Your BYOD policy should put in place enforceable rules for how all the information on an employee’s personal device is to be kept secure.

Loss or theft of an employee’s device

Cell phones get lost and stolen all the time. If that happens with a device your employee is also using for work, it may put your company in a difficult position. If, for example, sensitive personal data is stored on that lost or stolen device, you may have a legal obligation to notify customers, government agencies, or the public at large.

You should include provisions in your BYOD policy that allow you to remotely erase company data from missing devices. Also, the policy should require employees to immediately notify the company if a device used on the job is no longer in their possession for whatever reason.

Fair Labor Standards Act (FLSA) Compliance

FLSA requires that non-exempt employees be appropriately compensated for any overtime work they may do. This can include, for example, something as simple as the worker deciding to check for job-related emails at 10 p.m. before going to bed. As far as FLSA rules are concerned, that’s work, and if it occurs beyond the limits of a 40-hour work week, may require that overtime be paid.

This is a more serious issue than some realize. Companies have been sued and ended up paying substantial fines for failing to pay workers for job-related activities they perform using their own personal smartphones or tablets.

Your company’s BYOD policy should clearly spell out your rules for employees’ use of their devices for work beyond the limits of a normal 40-hour work week. If you would not allow non-exempt employees to choose on their own to work overtime while on the company premises, your policy statement should make it clear that they are not allowed to do so while using their personal devices.

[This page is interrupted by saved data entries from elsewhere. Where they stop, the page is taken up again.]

(* In the setting of the context, for every $N$-tuple of integers $\mathbf{i}=(i_1,\dots,i_N)$ with $0\le i_k\le\ell_k$, define \[ V_{\mathbf{i}}=\sum_{\mathbf{n}=\mathbf{0}}^{\mathbf{i}}\mathscr{D}_{\mathbf{n},\mathbf{i}}V^{\mathbf{n}},\qquad \mathscr{D}_{\mathbf{n},\mathbf{i}}=\frac{(-1)^{|\mathbf{n}|-|\mathbf{i}|}}{(|\mathbf{i}|+|\mathbf{n}|+\omega^\star)_{|\mathbf{i}|-|\mathbf{n}|}}\prod_{p=1}^N\binom{\ell_p-n_p}{\ell_p-i_p}\big(|\mathbf{i}|_1^{p-1}+|\mathbf{n}|_1^{p}+|\boldsymbol{\ell}|_{p+1}^N-a_p+\omega^\star\big)_{i_p-n_p}. \] Then $A^\star V_{\mathbf{i}}=\theta^\star_{|\mathbf{i}|}V_{\mathbf{i}}$.
   Context: Notation: for $N$-tuples of integers, $|\mathbf{n}|_j^k=\sum_{p=j}^k n_p$ (equal to $0$ if $j>k$), $|\mathbf{n}|=|\mathbf{n}|_1^N$, $\mathbf{e}_p$ the $p$-th unit $N$-tuple, $\mathbf{0}=(0,\dots,0)$; $(x)_k=x(x+1)\cdots(x+k-1)$, $(x)_0=1$. A sum $\sum_{\mathbf{n}=\mathbf{a}}^{\mathbf{b}}$ means the sum over all $\mathbf{n}$ with $a_p\le n_p\le b_p$ for every $p$. Setting: $N\ge1$, $\boldsymbol{\ell}=(\ell_1,\dots,\ell_N)$ nonnegative integers, $\mathcal{V}=\mathbb{C}^{\ell_1+1}\otimes\cdots\otimes\mathbb{C}^{\ell_N+1}$ with basis $V^{\mathbf{n}}$, $0\le n_p\le\ell_p$; $V^{\mathbf{n}}=0$ if some $n_p<0$ or $n_p>\ell_p$. Scalars $\theta_0,\theta_0^\star,h,h^\star,\omega,\omega^\star,a_1,\dots,a_N\in\mathbb{C}$; $\theta_i=\theta_0+hi(i+\omega)$, $\theta^\star_i=\theta^\star_0+h^\star i(i+\omega^\star)$; $\xi_{\mathbf{n},p}=h(|\mathbf{n}|_1^{p-1}+|\mathbf{n}|_1^p+|\boldsymbol{\ell}|_p^N+a_p+\omega)n_p$, $\xi^\star_{\mathbf{n},p}=h^\star(|\mathbf{n}|_1^{p-1}+|\mathbf{n}|_1^p+|\boldsymbol{\ell}|_{p+1}^N-a_p+\omega^\star)(n_p-\ell_p)$. Operators: $A V^{\mathbf{n}}=\theta_{|\mathbf{n}|}V^{\mathbf{n}}+\sum_{p=1}^N\xi_{\mathbf{n}+\mathbf{e}_p,p}V^{\mathbf{n}+\mathbf{e}_p}$, $A^\star V^{\mathbf{n}}=\theta^\star_{|\mathbf{n}|}V^{\mathbf{n}}+\sum_{p=1}^N\xi^\star_{\mathbf{n}-\mathbf{e}_p,p}V^{\mathbf{n}-\mathbf{e}_p}$. Standing constraints: $h,h^\star\neq0$; $\omega,\omega^\star\notin\{-2|\boldsymbol{\ell}|+1,\dots,-1\}$; for each $i$, none of $a_i,\ a_i+\omega-\omega^\star,\ a_i-|\boldsymbol{\ell}|-\omega^\star,\ a_i+|\boldsymbol{\ell}|+\omega$ lies in $\{-\ell_i,\dots,-1\}$; and with $S^\pm(\ell,a)=\{\pm(a+k+\tfrac12(\omega-\omega^\star)):k=1,\dots,\ell\}$, for all $i,j$ and signs, $S^{\epsilon_i}(\ell_i,a_i)$ and $S^{\epsilon_j}(\ell_j,a_j)$ are in general position (one contains the other or their union is not a string). *)

From HB Require Import structures.
From mathcomp Require Import all_boot all_order all_algebra.
Set Implicit Arguments. Unset Strict Implicit. Unset Printing Implicit Defensive.
Import Order.TTheory GRing.Theory Num.Theory.
Local Open Scope ring_scope.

Employee Behavior When Using Their Devices

In 2012, Coca-Cola was sued and required to pay a $21 million judgment because of an accident that occurred while one of their truck drivers was talking on her cell phone. The company had a policy that required use of a hands-free device while driving, but the jury believed the plaintiff’s claim that the policy was “vague and ambiguous.”

This case illustrates that not only must your BYOD policy be clear and comprehensive concerning the behavior expected of employees while using their devices (even, by the way, on their own time), but that policy must be monitored and enforced. Otherwise, your business may find itself being held liable for employee conduct that in any way involves a personal device they also use for work.

If any of these issues should crop up among your employees who use their personal devices on the job, your first line of defense is your written, widely communicated, and consistently enforced BYOD policy statement. If your company doesn’t yet have one, or if the one you have is not well thought through, now’s the time to fix that situation. Otherwise, it’s all too easy to find yourself unexpectedly caught in the BYOD trap.